= Ernest Macalpine Armstrong =

Scottish doctor and medical officer

Ernest Macalpine "Mac" Armstrong (born 3 June 1945) is a general practitioner and former Chief Medical Officer for Scotland.

== Early life ==
Armstrong was born in Motherwell, Lanarkshire, Scotland to Mary Brownlie McLean ( Macalpine) and Ernest Armstrong.

He was educated at the former Hamilton Academy. He then studied at the University of Glasgow obtaining a first class honours Bachelor of Science degree in physiology in 1968, before then graduating in 1970 with a medical degree with Honours.

== Career ==

Armstrong was a lecturer in pathology from 1971 to 1974 at the University of Glasgow. In 1974, he began training as a general practitioner (GP), then, in 1975, took up a position as a principal GP in a practice in Connel, Argyllshire.

In 1989, he was elected to the post of chairman of the Scottish GP Committee of the British Medical Association (BMA). He then became chair of the BMA's Scottish Council and then deputy chair of the BMA's General Medical Services Committee (GMSC). In 1993 he was appointed Secretary to the BMA. In this role he made efforts to develop relations between the healthcare professions.

In 2001, Armstrong was appointed Chief Medical Officer for Scotland succeeding Sir David Carter. During his time as CMO he had to deal with a decline in the uptake of the MMR vaccine and the subsequent rise in cases of measles. He also considered the impact of lifestyle choices that was affecting Scotland's population. He spoke in favour of a complete ban on smoking in public places and urged the Scottish Executive to take the lead and introduce legislation to this effect. He served as Chief Medical Officer until 2005.
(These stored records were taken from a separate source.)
(* Let $\mu>-1$, $\beta>0$, $N\ge1$, $Z\in\{G,R\}$, $\omega=x^\mu$. Let $\phi_1,\phi_2$ be real continuous functions on $[0,\infty)$ in $L^2_{x^\mu}(\mathbb R_+)$, $\phi=\phi_1\phi_2$, $\psi_i=\widehat I_{Z,N}^{(\mu,\beta)}\phi_i$ ($i=1,2$). Then $$\Bigl|\int_0^\infty\phi(x)x^\mu dx-\sum_{j=0}^N\phi\bigl(\xi^{(\mu,\beta)}_{Z,N,j}\bigr)\widehat\omega^{(\mu,\beta)}_{Z,N,j}\Bigr| \le\bigl(\|\phi_1\|_\omega+\|\phi_2\|_\omega+\|\psi_1\|_\omega+\|\psi_2\|_\omega\bigr)\bigl(\|\phi_1-\psi_1\|_\omega+\|\phi_2-\psi_2\|_\omega\bigr).$$
   Context: $\|f\|_\omega=(\int_0^\infty|f|^2\omega)^{1/2}$; $P_K$ is the space of polynomials of degree at most $K$. $\mathscr L_n^{(\alpha)}$ is the generalized Laguerre polynomial (orthogonal on $(0,\infty)$ w.r.t. $x^\alpha e^{-x}$), $\widehat{\mathscr L}_n^{(\alpha)}(x)=e^{-x/2}\mathscr L_n^{(\alpha)}(x)$, and $\widehat P_N^{\beta,L}=\{e^{-\beta x/2}p:p\in P_N\}$. Laguerre–Gauss nodes $\xi^{(\mu,\beta)}_{G,N,j}$ ($0\le j\le N$) are the zeros of $\widehat{\mathscr L}^{(\mu)}_{N+1}(\beta x)$; Laguerre–Gauss–Radau nodes $\xi^{(\mu,\beta)}_{R,N,j}$ are the zeros of $x\,\widehat{\mathscr L}^{(\mu+1)}_{N}(\beta x)$. $\widehat I_{Z,N}^{(\mu,\beta)}v$ is the unique element of $\widehat P_N^{\beta,L}$ agreeing with $v$ at these nodes. The weights $\widehat\omega^{(\mu,\beta)}_{Z,N,j}$ are the numbers such that $\int_0^\infty\phi(x)x^\mu dx=\sum_{j}\phi(\xi^{(\mu,\beta)}_{Z,N,j})\widehat\omega^{(\mu,\beta)}_{Z,N,j}$ for all $\phi\in\{e^{-\beta x}p:p\in P_{2N+\lambda_Z}\}$, with $\lambda_G=1$, $\lambda_R=0$ (equivalently $\widehat\omega_{Z,N,j}=e^{\beta\xi_{Z,N,j}}\omega_{Z,N,j}$ where $\omega_{Z,N,j}$ are the Gauss, resp. Gauss–Radau, weights for the weight $x^\mu e^{-\beta x}$). *)

From HB Require Import structures.
From mathcomp Require Import all_boot all_order all_algebra.
From mathcomp Require Import all_classical all_reals all_analysis.
Unset Printing Implicit Defensive.
Import Order.TTheory GRing.Theory Num.Theory.
Local Open Scope ring_scope.
Local Open Scope classical_set_scope.

(* Generalized Laguerre polynomials L_n^(alpha), via the standard three-term
   recurrence  L_0 = 1, L_1 = 1 + alpha - x,
   (n+2) L_{n+2} = (2n+3+alpha - x) L_{n+1} - (n+1+alpha) L_n.
   lag_pair alpha n = (L_n, L_{n+1}). *)
Fixpoint lag_pair {R : realType} (alpha : R) (n : nat) : {poly R} * {poly R} :=
  match n with
  | 0 => (1, (1 + alpha)%:P - 'X)
  | n'.+1 =>
      let (a, b) := lag_pair alpha n' in
      (b, (n'.+2%:R)^-1 *: ((((2 * n'%:R + 3 + alpha)%:P - 'X) * b)
                            - (n'%:R + 1 + alpha) *: a))
  end.

Definition laguerre {R : realType} (n : nat) (alpha : R) : {poly R} :=
  (lag_pair alpha n).1.

Definition laguerre_hat {R : realType} (n : nat) (alpha : R) (x : R) : R :=
  expR (- x / 2) * (laguerre n alpha).[x].

Inductive quad_kind := Gauss | Radau.

Definition lambda_Z (Z : quad_kind) : nat :=
  match Z with Gauss => 1%N | Radau => 0%N end.

Definition node_fun {R : realType} (Z : quad_kind) (mu beta : R) (N : nat)
    (x : R) : R :=
  match Z with
  | Gauss => laguerre_hat N.+1 mu (beta * x)
  | Radau => x * laguerre_hat N (mu + 1) (beta * x)
  end.

Definition is_nodes {R : realType} (Z : quad_kind) (mu beta : R) (N : nat)
    (xi : 'I_N.+1 -> R) : Prop :=
  injective xi /\ (forall x : R, node_fun Z mu beta N x = 0 <-> exists j, xi j = x).

Definition is_weights {R : realType} (Z : quad_kind) (mu beta : R) (N : nat)
    (xi w : 'I_N.+1 -> R) : Prop :=
  forall p : {poly R}, (size p <= (2 * N + lambda_Z Z).+1)%N ->
    Rintegral lebesgue_measure `]0, +oo[
      (fun x => expR (- beta * x) * p.[x] * x `^ mu)
    = \sum_(j < N.+1) expR (- beta * xi j) * p.[xi j] * w j.

Definition hat_fun {R : realType} (beta : R) (q : {poly R}) (x : R) : R :=
  expR (- beta * x / 2) * q.[x].

(* q represents \hat I_{Z,N}^{(mu,beta)} phi: q in P_N and e^{-beta x/2} q agrees
   with phi at the nodes (this determines q uniquely). *)
Definition is_interp {R : realType} (beta : R) (N : nat) (xi : 'I_N.+1 -> R)
    (phi : R -> R) (q : {poly R}) : Prop :=
  (size q <= N.+1)%N /\ forall j, hat_fun beta q (xi j) = phi (xi j).

Definition wnorm {R : realType} (mu : R) (f : R -> R) : R :=
  Num.sqrt (Rintegral lebesgue_measure `]0, +oo[ (fun x => f x ^+ 2 * x `^ mu)).

Definition in_L2w {R : realType} (mu : R) (f : R -> R) : Prop :=
  measurable_fun (`]0, +oo[ : set R) f /\
  lebesgue_measure.-integrable `]0, +oo[ (fun x => (f x ^+ 2 * x `^ mu)%:E).

From HB Require Import structures.
From mathcomp Require Import all_boot all_order all_algebra.
From mathcomp Require Import all_classical all_reals all_analysis.
From mathcomp Require Import ring lra zify measurable_realfun.
Import Order.TTheory GRing.Theory Num.Theory.
Import numFieldNormedType.Exports.
Local Open Scope classical_set_scope.
Local Open Scope ring_scope.

Set Implicit Arguments.
Unset Strict Implicit.
Unset Printing Implicit Defensive.

(* Exactness of the rule on e^{-beta x} P_{2N+lambda_Z} applies to psi1 psi2 =
   e^{-beta x} q1 q2, since deg (q1 q2) <= 2N, and psi_i = phi_i at the nodes;
   hence the quadrature sum equals the integral of psi1 psi2 x^mu.  The error is
   then the integral of (phi1 - psi1) phi2 + psi1 (phi2 - psi2) against x^mu,
   which Cauchy-Schwarz in L^2_{x^mu} bounds by
   |phi1 - psi1| |phi2| + |psi1| |phi2 - psi2|.  The only analytic input is
   psi_i in L^2_{x^mu}: for mu > -1, x^mu is integrable at 0 and any polynomial
   is dominated by e^{beta x / 2} at infinity. *)

Lemma discriminant_le0 (R : realFieldType) (a b c : R) : 0 <= a ->
  (forall t, 0 <= a * t ^+ 2 + b * t + c) -> b ^+ 2 <= 4 * a * c.
Proof.
move=> a0 ge0; rewrite -subr_le0.
have := @deg_le2_poly_delta_ge0 R (Poly [:: c; b; a]) (size_Poly _).
rewrite !coef_Poly; apply => // t; rewrite horner_Poly /=.
by have := ge0 t; congr (_ <= _); ring.
Qed.

Section integrable_lemmas.
Context d (T : measurableType d) (R : realType) (mu : {measure set T -> \bar R}).

Section fixed_domain.
Variables (D : set T) (mD : measurable D).

Lemma integrableD_EFin (f g : T -> R) :
  mu.-integrable D (EFin \o f) -> mu.-integrable D (EFin \o g) ->
  mu.-integrable D (EFin \o (fun x => f x + g x)).
Proof. by move=> intf intg; exact: eq_integrable (integrableD mD intf intg). Qed.

Lemma integrableZl_EFin (k : R) (f : T -> R) :
  mu.-integrable D (EFin \o f) -> mu.-integrable D (EFin \o (fun x => k * f x)).
Proof. by move=> intf; exact: eq_integrable (integrableZl mD k intf). Qed.

End fixed_domain.

Lemma integrable_setU (A B : set T) (f : T -> \bar R) :
  measurable A -> measurable B -> [disjoint A & B] ->
  mu.-integrable A f -> mu.-integrable B f -> mu.-integrable (A `|` B) f.
Proof.
move=> mA mB AB /integrableP[mfA intA] /integrableP[mfB intB].
have mfAB : measurable_fun (A `|` B) f by apply/measurable_funU.
apply/integrableP; split => //.
rewrite ge0_integral_setU //; first exact: lte_add_pinfty.
exact: measurableT_comp.
Qed.

End integrable_lemmas.

Section weighted_L2.
Context d (T : measurableType d) (R : realType) (mu : {measure set T -> \bar R}).
Variables (D : set T) (wt : T -> R).
Hypotheses (mD : measurable D) (mwt : measurable_fun D wt).
Hypothesis wt_ge0 : forall x, D x -> 0 <= wt x.

(* For Lebesgue measure on ]0, +oo[ and weight x^mu these are in_L2w and wnorm. *)
Definition wL2 (f : T -> R) : Prop :=
  measurable_fun D f /\ mu.-integrable D (fun x => (f x ^+ 2 * wt x)%:E).

Definition wL2norm (f : T -> R) : R :=
  Num.sqrt (Rintegral mu D (fun x => f x ^+ 2 * wt x)).

Lemma wL2_integrableM (f g : T -> R) : wL2 f -> wL2 g ->
  mu.-integrable D (EFin \o (fun x => f x * g x * wt x)).
Proof.
move=> [mf intf] [mg intg].
apply: (le_integrable mD _ _ (integrableD_EFin mD intf intg)).
- by apply/measurable_EFinP; do 2 apply: measurable_funM => //.
move=> x Dx /=; rewrite lee_fin -mulrDl !normrM (ger0_norm (wt_ge0 Dx)).
rewrite ler_wpM2r ?wt_ge0 // (ger0_norm (addr_ge0 (sqr_ge0 _) (sqr_ge0 _))).
rewrite -[f x ^+ 2]real_normK ?num_real // -[g x ^+ 2]real_normK ?num_real //.
by have := normr_ge0 (f x); have := normr_ge0 (g x); nra.
Qed.

Lemma wL2B (f g : T -> R) : wL2 f -> wL2 g -> wL2 (fun x => f x - g x).
Proof.
move=> Lf Lg; have intfg := wL2_integrableM Lf Lg.
case: Lf Lg => [mf intf] [mg intg]; split; first exact: measurable_funB.
have := integrableD_EFin mD (integrableD_EFin mD intf
  (integrableZl_EFin mD (-2) intfg)) intg.
by apply: eq_integrable => // x _ /=; congr EFin; ring.
Qed.

Lemma wL2_cauchy_schwarz (f g : T -> R) : wL2 f -> wL2 g ->
  `|Rintegral mu D (fun x => f x * g x * wt x)| <= wL2norm f * wL2norm g.
Proof.
move=> Lf Lg; have intfg := wL2_integrableM Lf Lg.
case: Lf Lg => [_ intf] [_ intg]; rewrite /wL2norm.
set A := Rintegral _ _ (fun x => f x ^+ 2 * wt x).
set B := Rintegral _ _ (fun x => f x * g x * wt x).
set C := Rintegral _ _ (fun x => g x ^+ 2 * wt x).
have A_ge0 : 0 <= A by apply: Rintegral_ge0 => x Dx; rewrite mulr_ge0 ?sqr_ge0 ?wt_ge0.
have C_ge0 : 0 <= C by apply: Rintegral_ge0 => x Dx; rewrite mulr_ge0 ?sqr_ge0 ?wt_ge0.
have quad_ge0 t : 0 <= A * t ^+ 2 + 2 * B * t + C.
  have -> : A * t ^+ 2 + 2 * B * t + C = Rintegral mu D
      (fun x => t ^+ 2 * (f x ^+ 2 * wt x) + 2 * t * (f x * g x * wt x)
                + g x ^+ 2 * wt x).
    rewrite !RintegralD ?RintegralZl //; first by rewrite /A /B /C; ring.
    - exact: integrableZl_EFin.
    - exact: integrableZl_EFin.
    - by apply: integrableD_EFin => //; exact: integrableZl_EFin.
  apply: Rintegral_ge0 => x Dx.
  have -> : t ^+ 2 * (f x ^+ 2 * wt x) + 2 * t * (f x * g x * wt x)
      + g x ^+ 2 * wt x = (t * f x + g x) ^+ 2 * wt x by ring.
  by rewrite mulr_ge0 ?sqr_ge0 ?wt_ge0.
have BAC : B ^+ 2 <= A * C.
  by have := discriminant_le0 A_ge0 quad_ge0; nra.
by rewrite -sqrtrM // -sqrtr_sqr ler_sqrt // mulr_ge0.
Qed.

Lemma wL2_mul_sub_mul (f1 f2 g1 g2 : T -> R) :
  wL2 f1 -> wL2 f2 -> wL2 g1 -> wL2 g2 ->
  `|Rintegral mu D (fun x => f1 x * f2 x * wt x)
    - Rintegral mu D (fun x => g1 x * g2 x * wt x)|
  <= wL2norm (fun x => f1 x - g1 x) * wL2norm f2
     + wL2norm g1 * wL2norm (fun x => f2 x - g2 x).
Proof.
move=> L1 L2 M1 M2.
have D1 := wL2B L1 M1; have D2 := wL2B L2 M2.
rewrite -RintegralB ?wL2_integrableM //.
have -> : Rintegral mu D (fun x => f1 x * f2 x * wt x - g1 x * g2 x * wt x) =
    Rintegral mu D (fun x => (f1 x - g1 x) * f2 x * wt x)
    + Rintegral mu D (fun x => g1 x * (f2 x - g2 x) * wt x).
  rewrite -RintegralD ?wL2_integrableM //.
  by apply: eq_Rintegral => x _; ring.
by apply: le_trans (ler_normD _ _) _; apply: lerD; exact: wL2_cauchy_schwarz.
Qed.

End weighted_L2.

Lemma norm_horner_le (R : realDomainType) (p : {poly R}) (x : R) : 0 <= x ->
  `|p.[x]| <= (\sum_(i < size p) `|p`_i|) * (1 + x ^+ size p).
Proof.
move=> x_ge0; rewrite horner_coef mulr_suml.
apply: le_trans (ler_norm_sum _ _ _) _.
apply: ler_sum => i _; rewrite normrM normrX (ger0_norm x_ge0).
apply: ler_wpM2l => //.
have [x_le1|x_gt1] := leP x 1.
  by apply: le_trans (exprn_ile1 i x_ge0 x_le1) _; rewrite lerDl exprn_ge0.
have x_le : x ^+ i <= x ^+ size p by apply: ler_weXn2l; [exact: ltW | exact: ltnW].
by apply: le_trans x_le _; rewrite lerDr.
Qed.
He is chair of Alcohol Focus Scotland.

In April 2016 Armstrong publicly cancelled his membership of the BMA citing his disapproval of the strike action taken by junior doctors in England in response to a disputed new contract of employment being imposed.

Armstrong is a Fellow of the Royal College of Surgeons of Edinburgh; Fellow of the Royal College of Physicians and Surgeons of Glasgow; Fellow of the Royal College of Physicians of Edinburgh; Fellow of the Royal College of General Practitioners and Fellow of the Faculty of Public Health.

==Honours==

Armstrong was invested as Companion of The Most Honourable Order of the Bath in 2005.

He was awarded an honorary Doctor of Laws degree by the University of Aberdeen in 2008.